Следом за этим известием в Ахетатон прибыли Эйе из Фив и Хоремхеб из Мемфиса – для совещания с фараоном и спасения того, что можно было спасти. Как врач я присутствовал на этом совещании: я опасался, что от всех неприятностей, которые фараону придется услышать и усвоить, ему сделается дурно, и он опять занеможет. Однако фараон был сдержан, холоден и не терял самообладания, пока Эйе и Хоремхеб говорили перед ним.

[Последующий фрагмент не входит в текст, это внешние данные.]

(* For integers $N\ge 3$ and $\Omega\in[-\pi,\pi)$ with $\Omega \notin \{0, 2\pi/N\}$, define $$Z(\Omega) = \frac{|\sin(N\Omega/2)|}{N}\left|\frac{1}{\sin(\Omega/2)} - \frac{1}{\sin(\Omega/2 - \pi/N)}\right| .$$ Let $\Omega$ be uniformly distributed on $[-\pi,\pi)\setminus[-0.5\pi/N,\,2.5\pi/N]$. Then there exist constants $C>0$ and $N_0$ (independent of $N$) such that $\mathbb E[Z(\Omega)^2] \le C/N$ for all $N \ge N_0$.
   Context: The quantity $Z(\Omega)$ is the magnitude of the output of a fixed two-tap correlator applied to the responses $[D_N(\Omega), D_N(\Omega-2\pi/N)]$ of an interferer at spatial frequency $\Omega$ in two adjacent DFT bins, where $D_N(\omega)=\frac1N\sum_{k=0}^{N-1}e^{j\omega k}$. *)

From Stdlib Require Import Reals.
From Coquelicot Require Import Coquelicot.
Open Scope R_scope.

Definition Zfun (N : nat) (w : R) : R :=
  Rabs (sin (INR N * w / 2)) / INR N *
  Rabs (/ sin (w / 2) - / sin (w / 2 - PI / INR N)).

(* Support of the uniform law: [-pi, pi) \ [-0.5 pi/N, 2.5 pi/N]
   = [-pi, -pi/(2N)) u (5pi/(2N), pi), of total length 2 pi - 3 pi / N. *)
Definition support_length (N : nat) : R := 2 * PI - 3 * PI / INR N.

(* E[f(Omega)] for Omega uniform on the support above: integral of f over
   the support divided by its length (endpoints are Lebesgue-null). *)
Definition uniform_expect (N : nat) (f : R -> R) : R :=
  (RInt f (- PI) (- (PI / (2 * INR N))) + RInt f (5 * PI / (2 * INR N)) PI)
  / support_length N.

From Stdlib Require Import Reals Lra.
From Coquelicot Require Import Coquelicot.
Open Scope R_scope.

(* Writing u = 1/sin(w/2) and v = 1/sin(w/2 - pi/N), we have
   Z^2 <= (u - v)^2 / N^2 <= 2 (u^2 + v^2) / N^2, and csc^2(w/2 - c) has the
   explicit primitive -2 cot(w/2 - c).  The support stays at distance of
   order pi/N from the poles w = 0 and w = 2 pi/N, so the primitives are O(N)
   at the endpoints: the integral of Z^2 is O(1/N), and the support has
   length at least 1. *)

Lemma sin_ge_quarter a : 0 <= a -> a <= 2 -> a / 4 <= sin a.
Proof.
intros ha0 ha2. pose proof PI2_1.
destruct (SIN a) as [Hlb _]; try lra.
replace (sin_lb a) with (a - a^3/6 + a^5/120 - a^7/5040) in Hlb
  by (unfold sin_lb, sin_approx, sin_term; simpl; field).
assert (Ha2 : a^2 <= 4) by nra.
assert (0 <= a^5/120) by (apply Rmult_le_pos; [apply pow_le|]; lra).
assert (a^3 <= 4 * a) by (replace (a^3) with (a^2 * a) by ring; nra).
assert (a^7 <= 64 * a).
{ replace (a^7) with ((a^2)^3 * a) by ring.
  assert ((a^2)^3 <= 4^3) by (apply pow_incr; nra). nra. }
lra.
Qed.

Definition csc2_primitive (c w : R) : R := - 2 * cos (w/2 - c) / sin (w/2 - c).

Lemma is_RInt_csc2 c a b : a <= b ->
  (forall w, a <= w <= b -> sin (w/2 - c) <> 0) ->
  is_RInt (fun w => (/ sin (w/2 - c))^2) a b
    (csc2_primitive c b - csc2_primitive c a).
Proof.
intros hab hs.
apply (is_RInt_derive (csc2_primitive c));
  rewrite Rmin_left, Rmax_right by lra; intros x hx; unfold csc2_primitive.
- auto_derive; [now apply hs|].
  pose proof (hs x hx) as hsx. pose proof (sin2_cos2 (x/2 - c)) as hp.
  unfold Rsqr in hp.
  replace (x * / 2 + - c) with (x/2 - c) by (unfold Rdiv; ring).
  set (s := sin (x/2 - c)) in *. set (co := cos (x/2 - c)) in *.
  replace ((/ s)^2) with ((s * s + co * co) / (s * s)) by (rewrite hp; field; auto).
  field; auto.
- apply (ex_derive_continuous (K := R_AbsRing) (V := R_NormedModule)).
  auto_derive. now apply hs.
Qed.

Lemma Zfun_sq N w : 0 < INR N -> Zfun N w ^ 2 =
  (sin (INR N * w / 2) / INR N * (/ sin (w/2) - / sin (w/2 - PI / INR N)))^2.
Proof.
intros hN. unfold Zfun. rewrite <- (pow2_abs (sin _ / _ * _)).
unfold Rdiv. rewrite !Rabs_mult, Rabs_inv, (Rabs_right (INR N)) by lra.
reflexivity.
Qed.

Lemma Zfun_sq_le N w : 0 < INR N -> Zfun N w ^ 2 <=
  2 / INR N ^ 2 * ((/ sin (w/2))^2 + (/ sin (w/2 - PI / INR N))^2).
Proof.
intros hN. rewrite Zfun_sq by exact hN.
set (u := / sin (w/2)). set (v := / sin (w/2 - PI / INR N)).
set (s := sin (INR N * w / 2)).
assert (hs : s^2 <= 1) by (pose proof (SIN_bound (INR N * w / 2)) as hb; fold s in hb; nra).
assert (huv : (u - v)^2 <= 2 * (u^2 + v^2)) by (pose proof (pow2_ge_0 (u + v)); nra).
replace ((s / INR N * (u - v))^2) with (s^2 * (u - v)^2 * / INR N ^ 2) by (field; lra).
replace (2 / INR N ^ 2 * (u^2 + v^2)) with (2 * (u^2 + v^2) * / INR N ^ 2) by (field; lra).
apply Rmult_le_compat_r.
- apply Rlt_le, Rinv_0_lt_compat, pow_lt, hN.
- pose proof (pow2_ge_0 (u - v)). nra.
Qed.

Lemma ex_RInt_Zfun_sq N a b : 0 < INR N -> a <= b ->
  (forall w, a <= w <= b -> sin (w/2) <> 0) ->
  (forall w, a <= w <= b -> sin (w/2 - PI / INR N) <> 0) ->
  ex_RInt (fun w => Zfun N w ^ 2) a b.
Proof.
intros hN hab h0 hc.
apply (ex_RInt_ext (fun w => (sin (INR N * w / 2) / INR N *
  (/ sin (w/2) - / sin (w/2 - PI / INR N)))^2)).
{ intros x _. now rewrite Zfun_sq. }
apply (ex_RInt_continuous (V := R_CompleteNormedModule)).
rewrite Rmin_left, Rmax_right by lra. intros x hx.
apply (ex_derive_continuous (K := R_AbsRing) (V := R_NormedModule)).
auto_derive. repeat split.
- replace (x * / 2) with (x / 2) by reflexivity. exact (h0 x hx).
- replace (x * / 2 + - (PI / INR N)) with (x/2 - PI / INR N) by (unfold Rdiv; ring).
  exact (hc x hx).
Qed.

Lemma RInt_Zfun_sq_le N a b : 0 < INR N -> a <= b ->
  (forall w, a <= w <= b -> sin (w/2) <> 0) ->
  (forall w, a <= w <= b -> sin (w/2 - PI / INR N) <> 0) ->
  RInt (fun w => Zfun N w ^ 2) a b <= 2 / INR N ^ 2 *
    ((csc2_primitive 0 b - csc2_primitive 0 a) +
     (csc2_primitive (PI / INR N) b - csc2_primitive (PI / INR N) a)).
Proof.
intros hN hab h0 hc.
assert (H0 : is_RInt (fun w => (/ sin (w/2))^2) a b
               (csc2_primitive 0 b - csc2_primitive 0 a)).
{ apply (is_RInt_ext (fun w => (/ sin (w/2 - 0))^2)).
  - intros x _. now rewrite Rminus_0_r.
  - apply is_RInt_csc2; [exact hab|]. intros w hw. rewrite Rminus_0_r. now apply h0. }
pose proof (is_RInt_scal _ _ _ (2 / INR N ^ 2) _
  (is_RInt_plus _ _ _ _ _ _ H0 (is_RInt_csc2 _ a b hab hc))) as Hbound.
apply (is_RInt_le _ _ a b _ _ hab (RInt_correct _ _ _ (ex_RInt_Zfun_sq N a b hN hab h0 hc)) Hbound).
intros x _. exact (Zfun_sq_le N x hN).
Qed.

Lemma csc2_primitive_diff_le c a b sa sb : 0 < sa -> 0 < sb ->
  sa <= Rabs (sin (a/2 - c)) -> sb <= Rabs (sin (b/2 - c)) ->
  csc2_primitive c b - csc2_primitive c a <= 2 / sa + 2 / sb.
Proof.
assert (Habs : forall w s, 0 < s -> s <= Rabs (sin (w/2 - c)) ->
                 Rabs (csc2_primitive c w) <= 2 / s).
{ intros w s hs h. unfold csc2_primitive.
  assert (Hcos : Rabs (cos (w/2 - c)) <= 1)
    by (pose proof (COS_bound (w/2 - c)); apply Rabs_le; lra).
  unfold Rdiv. rewrite !Rabs_mult, Rabs_inv, (Rabs_left (-2)) by lra.
  apply Rle_trans with (2 * / Rabs (sin (w/2 - c))).
  - pose proof (Rabs_pos (cos (w/2 - c))).
    assert (0 < / Rabs (sin (w/2 - c))) by (apply Rinv_0_lt_compat; lra). nra.
  - apply Rmult_le_compat_l; [lra|]. apply Rinv_le_contravar; lra. }
intros hsa hsb ha hb.
pose proof (Habs a sa hsa ha). pose proof (Habs b sb hsb hb).
pose proof (Rle_abs (csc2_primitive c b)).
pose proof (Rabs_maj2 (csc2_primitive c a)).
lra.
Qed.

Section Endpoints.

Variables n p : R.
Hypothesis n_ge3 : 3 <= n.
Hypothesis p_n : p * n = PI.

Let p_pos : 0 < p.
Proof. pose proof PI_RGT_0. nra. Qed.

Let p_le : 3 * p <= PI.
Proof. nra. Qed.

Let sin_p4 : p / 16 <= sin (p / 4).
Proof. pose proof PI_4. pose proof (sin_ge_quarter (p/4)). lra. Qed.

Let sin_5p4 : 5 * p / 16 <= sin (5 * p / 4).
Proof. pose proof PI_4. pose proof (sin_ge_quarter (5*p/4)). lra. Qed.

Let cos_p : 1 / 12 <= cos p.
Proof.
pose proof PI2_1. pose proof PI_4. rewrite <- sin_shift.
pose proof (sin_ge_quarter (PI/2 - p)). lra.
Qed.

Let endpoint_constant : 2 / (p/16) + 2 / 1 + (2 / (5*p/16) + 2 / (1/12)) <= 28 * n.
Proof.
replace (2 / (p/16) + 2 / 1 + (2 / (5*p/16) + 2 / (1/12)))
  with (192 / 5 * / p + 26) by (field; lra).
assert (/ p <= n / 2).
{ apply (Rmult_le_reg_r p); [exact p_pos|].
  rewrite Rinv_l by lra. pose proof PI2_1. nra. }
lra.
Qed.

Lemma left_increments_le :
  (csc2_primitive 0 (-(p/2)) - csc2_primitive 0 (-PI)) +
  (csc2_primitive p (-(p/2)) - csc2_primitive p (-PI)) <= 28 * n.
Proof.
pose proof PI2_1.
apply Rle_trans with (2 / 1 + 2 / (p/16) + (2 / (1/12) + 2 / (5*p/16)));
  [| pose proof endpoint_constant; lra].
apply Rplus_le_compat; apply csc2_primitive_diff_le; try lra.
- replace (-PI/2 - 0) with (-(PI/2)) by field.
  rewrite sin_neg, Rabs_Ropp, sin_PI2, Rabs_R1. lra.
- replace (-(p/2)/2 - 0) with (-(p/4)) by field.
  rewrite sin_neg, Rabs_Ropp, Rabs_right; lra.
- replace (-PI/2 - p) with (-(PI/2 - -p)) by field.
  rewrite sin_neg, Rabs_Ropp, sin_shift, cos_neg, Rabs_right; lra.
- replace (-(p/2)/2 - p) with (-(5*p/4)) by field.
  rewrite sin_neg, Rabs_Ropp, Rabs_right; lra.
Qed.

Lemma right_increments_le :
  (csc2_primitive 0 PI - csc2_primitive 0 (5*p/2)) +
  (csc2_primitive p PI - csc2_primitive p (5*p/2)) <= 28 * n.
Proof.
pose proof PI2_1.
apply Rle_trans with (2 / (5*p/16) + 2 / 1 + (2 / (p/16) + 2 / (1/12)));
  [| pose proof endpoint_constant; lra].
apply Rplus_le_compat; apply csc2_primitive_diff_le; try lra.
- replace (5*p/2/2 - 0) with (5*p/4) by field. rewrite Rabs_right; lra.
- replace (PI/2 - 0) with (PI/2) by field. rewrite sin_PI2, Rabs_R1. lra.
- replace (5*p/2/2 - p) with (p/4) by field. rewrite Rabs_right; lra.
- rewrite sin_shift, Rabs_right; lra.
Qed.

End Endpoints.

Lemma RInt_Zfun_sq_support_le N : 3 <= INR N ->
  RInt (fun w => Zfun N w ^ 2) (- PI) (- (PI / (2 * INR N))) +
  RInt (fun w => Zfun N w ^ 2) (5 * PI / (2 * INR N)) PI <= 112 / INR N.
Proof.
intros hn. pose proof PI2_1.
set (p := PI / INR N).
assert (hp0 : 0 < p) by (apply Rdiv_lt_0_compat; lra).
assert (hpn : p * INR N = PI) by (unfold p; field; lra).
assert (hp3 : 3 * p <= PI) by nra.
replace (PI / (2 * INR N)) with (p / 2) by (unfold p; field; lra).
replace (5 * PI / (2 * INR N)) with (5 * p / 2) by (unfold p; field; lra).
assert (hL := RInt_Zfun_sq_le N (-PI) (-(p/2)) ltac:(lra) ltac:(lra)).
assert (hR := RInt_Zfun_sq_le N (5*p/2) PI ltac:(lra) ltac:(lra)).
fold p in hL, hR.
pose proof (left_increments_le (INR N) p hn hpn).
pose proof (right_increments_le (INR N) p hn hpn).
assert (h2 : 0 < 2 / INR N ^ 2) by (apply Rdiv_lt_0_compat; nra).
replace (112 / INR N) with (2 / INR N ^ 2 * (56 * INR N)) by (field; lra).
assert (hL' : RInt (fun w => Zfun N w ^ 2) (-PI) (-(p/2)) <=
               2 / INR N ^ 2 * (28 * INR N)).
{ eapply Rle_trans; [apply hL|]; intros; try (apply Rlt_not_eq, sin_lt_0_var; lra).
  apply Rmult_le_compat_l; lra. }
assert (hR' : RInt (fun w => Zfun N w ^ 2) (5*p/2) PI <=
               2 / INR N ^ 2 * (28 * INR N)).
{ eapply Rle_trans; [apply hR|]; intros; try (apply Rgt_not_eq, sin_gt_0; lra).
  apply Rmult_le_compat_l; lra. }
lra.
Qed.

Lemma Rdiv_le_of_ge_1 x K L : x <= K -> 0 <= K -> 1 <= L -> x / L <= K.
Proof.
intros hx hK hL. destruct (Rle_lt_dec 0 x) as [hx0 | hx0].
- assert (0 < / L <= 1)
    by (split; [apply Rinv_0_lt_compat | rewrite <- Rinv_1; apply Rinv_le_contravar]; lra).
  unfold Rdiv. nra.
- assert (x / L < 0) by (apply Rdiv_neg_pos; lra). lra.
Qed.

Theorem mainTheorem7 :
  exists (C : R) (N0 : nat), 0 < C /\
    forall N : nat, (3 <= N)%nat -> (N0 <= N)%nat ->
      uniform_expect N (fun w => (Zfun N w) ^ 2) <= C / INR N.
Proof.
exists 112, 3%nat. split; [lra|]. intros N hN _.
assert (hn : 3 <= INR N) by (replace 3 with (INR 3) by (simpl; ring); now apply le_INR).
pose proof PI2_1.
apply Rdiv_le_of_ge_1.
- now apply RInt_Zfun_sq_support_le.
- apply Rlt_le, Rdiv_lt_0_compat; lra.
- unfold support_length.
  assert (3 * PI / INR N <= PI) by (apply Rle_div_l; nra).
  lra.
Qed.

– Житницы фараона пусты, – говорил жрец Эйе, – и в нынешнем году страна Куш не прислала нам положенной дани, на которую я возлагал все мои надежды. В стране великий голод, люди выкапывают из ила корни водяных растений и едят их, обдирают кору фруктовых деревьев себе в пищу, поедают саранчу, жуков и лягушек. Многие уже умерли, другим – и их куда больше! – суждено умереть в скором будущем. Даже при строжайшем и умереннейшем распределении царского зерна на всех не хватит, а хлеботорговцы продают свое зерно по слишком высоким ценам, чтобы беднякам можно было покупать его. В умах людей происходит великое брожение и беспокойство, поселяне бегут в города, а горожане бегут из городов, и все говорят: «Это проклятье Амона, и мы страдаем из-за нового бога царя!» Поэтому, фараон Эхнатон, нельзя медлить – примирись с жрецами, отдай Амону его власть, пусть люди поклоняются ему и приносят жертвы, пусть все успокоятся. Отдай Амону его земли, пусть он возделывает их, потому что земледельцы не осмеливаются сеять на них, да и твои земли остаются порожними, их называют «проклятой землей». Поэтому примирись с жрецами и сделай это без промедления, иначе я умываю руки и не могу ручаться за последствия!

А Хоремхеб сказал:

– Буррабуриаш купил мир у хеттов, а Азиру, уступая их давлению, открыл им города и стал их союзником. Число хеттских воинов в Сирии подобно морскому песку, а колесниц у них больше, чем звезд на небе. Это гибель для Египта, ибо они, не имея флота, коварно привезли по суше воду в пустыню. Бесчисленное множество кувшинов с водой привезли они, так что когда в начале весны через пустыню двинется великое войско, оно не будет страдать от жажды. Замечу, что большую часть сосудов они закупили в Египте, и купцы, продававшие им пустые горшки, в своей жадности собственными руками вырыли себе могилу. Колесницы Азиру и хеттов уже совершили вылазки в Танис и в землю Египта, побуждаемые нетерпением, и, значит, сами нарушили мирное соглашение. Урон для нашей чести невеликий, да и разрушения они произвели незначительные, но я велел распространить в народе молву о жестоком поношенье и о хеттской свирепости, так что народ созрел для войны. Еще есть время, царь! Позволь мне затрубить в трубы, поднять ввысь реющие стяги и объявить войну! Собери всех способных носить оружие в учебные лагеря, вели направлять всю медь на выделку копий и наконечников для стрел, и ты увидишь – царский трон будет спасен. Я спасу его, я поведу невиданную войну, я побью хеттов и верну под твою руку Сирию. Все это я смогу сделать, если все египетские запасы и зерно отдадут войску. Голод делает воинами даже трусов. Амон или Атон – им все равно, народ забудет об Амоне, ведя войну, и любые брожения найдут выход в борьбе с врагом, победоносная же война укрепит твой трон прочнее прежнего. А я обещаю тебе, Эхнатон, что война будет победоносной, потому что я – Хоремхеб, Сын сокола, рожден для великих дел и ныне – мой день, которого я ждал всю свою жизнь!

Но Эйе поспешно возразил:

– Не слушай Хоремхеба, фараон Эхнатон, не слушай его, мой милый мальчик! Обман говорит его устами, ибо он жаждет заполучить твою власть. Заключи соглашение с Амоновыми жрецами и тогда объявляй войну. Но только не ставь во главе войска Хоремхеба, отдай власть какому-нибудь умудренному годами опытному военачальнику, изучившему искусство войны по древним письменам времен великих фараонов; тому, кому ты сможешь вполне доверять.

– Если б мы не стояли сейчас перед царем, – сказал Хоремхеб, – я бы заткнул кулаком твой вонючий рот, жрец Эйе! Ты меришь меня своей мерой, и обман говорит твоими устами – ведь тайно ты уже снесся с Амоновыми жрецами и заключил с ними соглашение за спиной царя! Не я обманываю мальчика, чью слабость однажды защитил, прикрыв своим платьем в пустыне близ фиванских гор. Моя цель – величие Египта, и я смогу добиться этого!